Of course, if only the conventional scientific concepts are applied as correctives, they will not go far. In many respects, these concepts lack the kind of force necessary to strike deep into the facts of nature. Yet if one tries to keep to nature herself, and not merely to these concepts of nature, one will be in a better position to learn impartiality than one would be amid party views. Despite the good will of many natural scientists, who have endeavored to overcome materialist convictions, the usual concepts of natural science are today still strongly imbued with materialism. A spiritual contemplation of nature will shed this materialism; and spiritual contemplation of nature will provide means for the kind of training in thought which, among other things, makes it possible to comprehend the social organisms.

The idea of the threefold social order does not simply borrow facts from natural science and transplant them into the field of social life. It uses the study of nature only as a way of gaining the ability to observe social facts impartially. This should be kept in mind by those who learn about the idea in a superficial fashion — the threefold idea talks of a threefold division of social life in much the same way as one might talk of a threefold division of the natural human organism. Anyone who studies seriously the characteristics of the human organism will be made aware that the one can-not be simply transferred to the other. However, the method of study one is obliged to use on the human organism will awaken the kind of thinking that will enable one to find his way among the social facts.

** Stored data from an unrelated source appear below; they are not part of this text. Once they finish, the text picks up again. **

Lemma ideal_soc_mod : ideal (soc_mod K).
Proof.
  split.
  - intro u. unfold cong. rewrite lact_1u, mulVg. apply (ideal1 _ idealK).
  - exact soc_modM.
  - intros a ha u. apply cong_sym.
    specialize (ha (lact G (inv G a) u)). rewrite lactKV in ha. exact ha.
  - exact soc_modJ.
  - exact soc_mod_lact.
Qed.

End Ideal.

Lemma soc_mod_mono (K K' : G -> Prop) :
  subset G K K' -> subset G (soc_mod K) (soc_mod K').
Proof. intros h a ha u. apply h, ha. Qed.

Lemma Kchain_sub_succ (j : nat) : subset G (Kchain G j) (Kchain G (S j)).
Proof.
  induction j as [|j IH]; intros x hx.
  - simpl in hx. subst x. intro u. simpl. rewrite lact_1u, mulVg. reflexivity.
  - exact (soc_mod_mono _ _ IH x hx).
Qed.

Lemma ideal_Kchain (j : nat) : ideal (Kchain G j).
Proof.
  induction j as [|j IH].
  - split; simpl; intros; subst.
    + reflexivity.
    + apply mul1g.
    + apply invg1.
    + rewrite mulg1, mulgV. reflexivity.
    + apply lact_a1.
  - exact (ideal_soc_mod _ IH (Kchain_sub_succ j)).
Qed.

Lemma Kchain_mono (i k : nat) : i <= k -> subset G (Kchain G i) (Kchain G k).
Proof.
  induction 1 as [|k _ IH]; intros x hx; [exact hx|].
  apply Kchain_sub_succ, IH, hx.
Qed.

Lemma Kchain_succ_bstar (j : nat) (a : G) :
  Kchain G (S j) a <-> forall b, Kchain G j (bstar G a b).
Proof.
  split; intros h b; specialize (h b); rewrite bstar_lact in *.
  - apply (bsub_cong _ (ideal_Kchain j)), (cong_sym _ (ideal_Kchain j)), h.
  - apply (cong_sym _ (ideal_Kchain j)), (bsub_cong _ (ideal_Kchain j)), h.
Qed.

Lemma setstar_sub_Kchain (j : nat) (A B : G -> Prop) :
  subset G A (Kchain G (S j)) -> subset G (setstar G A B) (Kchain G j).
Proof.
  intro hA. apply (addgen_sub _ (ideal_Kchain j)).
  intros x [a [b [ha [_ ->]]]]. apply Kchain_succ_bstar, hA, ha.
Qed.

Definition rstar (A : G -> Prop) : G -> Prop := setstar G A (fullset G).

Lemma iter_rstar_Kchain (j s : nat) :
  s <= j -> subset G (Nat.iter s rstar (Kchain G j)) (Kchain G (j - s)).
Proof.
  induction s as [|s IH]; intro hs.
  - rewrite Nat.sub_0_r. intros x hx. exact hx.
  - apply setstar_sub_Kchain. replace (S (j - S s)) with (j - s) by lia.
    apply IH. lia.
Qed.

Lemma Gder_sub_Kchain (j l : nat) :
  subset G (Gder G (S j)) (Kchain G l) <-> Kfull (l + j).
Proof.
  revert l. induction j as [|j IH]; intro l.
  - rewrite Nat.add_0_r. split; intros h x; [exact (h x I) | intros _; apply h].
  - rewrite Nat.add_succ_r, <- Nat.add_succ_l, <- IH. split; intro h.
    + intros y hy. apply Kchain_succ_bstar. intro b. apply h, addgen_in.
      exists y, b. repeat split; auto.
    + exact (setstar_sub_Kchain l _ _ h).
Qed.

Such a method will be thought to remove all social ideas to the far-off region of “gray theory.” It may perhaps be said that such an opinion can only be maintained as long as one regards this “removal” from outside. Then, certainly, everything that is seen indistinctly at a distance seems gray. On the other hand, those things that are born of more immediate passions will have color. Yet go nearer what seems gray and one will find that something begins to stir which is not unlike a sort of passion — but it speaks to all that is truly human, that of which one loses sight when looking from the standpoint of parties and group opinions.

There is today a burning need to draw nearer to what is truly human. The polemical postures of rival camps have done enough. It is time that one comes to see that the damage cannot be undone with new rival camps, but rather only by observing what history itself demands at this present moment of humanity's evolution. It is easy to see evils and demand programs for their abolition, but what is necessary is to penetrate to the roots of social life. By healing these roots, healthy blossoms and fruits can be brought forth as well.